─── Dataset extract
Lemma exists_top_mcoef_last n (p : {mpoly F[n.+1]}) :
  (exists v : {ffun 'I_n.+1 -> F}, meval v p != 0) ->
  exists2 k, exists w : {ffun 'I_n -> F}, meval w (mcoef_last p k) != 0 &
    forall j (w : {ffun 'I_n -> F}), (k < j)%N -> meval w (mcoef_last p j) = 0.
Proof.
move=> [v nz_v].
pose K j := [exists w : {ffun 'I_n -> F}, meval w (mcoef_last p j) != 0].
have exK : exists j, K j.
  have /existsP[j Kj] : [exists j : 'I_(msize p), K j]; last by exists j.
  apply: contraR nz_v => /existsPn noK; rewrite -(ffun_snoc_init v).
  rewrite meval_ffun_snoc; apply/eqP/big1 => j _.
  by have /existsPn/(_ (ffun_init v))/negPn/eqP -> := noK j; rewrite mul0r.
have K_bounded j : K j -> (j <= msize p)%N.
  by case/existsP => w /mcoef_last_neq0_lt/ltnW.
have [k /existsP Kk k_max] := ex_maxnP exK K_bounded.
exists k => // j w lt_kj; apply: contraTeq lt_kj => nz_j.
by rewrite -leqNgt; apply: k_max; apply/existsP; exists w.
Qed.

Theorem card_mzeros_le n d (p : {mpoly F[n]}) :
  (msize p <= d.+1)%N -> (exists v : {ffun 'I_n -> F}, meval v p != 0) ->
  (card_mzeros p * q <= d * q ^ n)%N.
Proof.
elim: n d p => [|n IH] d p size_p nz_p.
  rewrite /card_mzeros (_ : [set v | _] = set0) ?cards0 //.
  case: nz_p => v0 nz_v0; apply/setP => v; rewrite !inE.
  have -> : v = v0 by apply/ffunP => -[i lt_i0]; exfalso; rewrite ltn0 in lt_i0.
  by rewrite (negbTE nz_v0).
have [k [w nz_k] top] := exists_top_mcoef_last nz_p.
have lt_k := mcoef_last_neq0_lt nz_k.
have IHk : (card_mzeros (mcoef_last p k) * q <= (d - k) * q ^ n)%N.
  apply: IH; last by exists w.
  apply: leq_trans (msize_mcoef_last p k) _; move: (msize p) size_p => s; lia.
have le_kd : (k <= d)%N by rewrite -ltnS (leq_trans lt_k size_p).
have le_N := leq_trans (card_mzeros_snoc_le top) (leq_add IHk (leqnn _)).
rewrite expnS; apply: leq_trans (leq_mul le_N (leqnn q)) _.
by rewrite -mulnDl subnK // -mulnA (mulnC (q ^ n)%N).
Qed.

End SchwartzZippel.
──────
Assignment = Every line above that contains "existsPn" counts once. Give the number of those lines and nothing more.

Solution = 2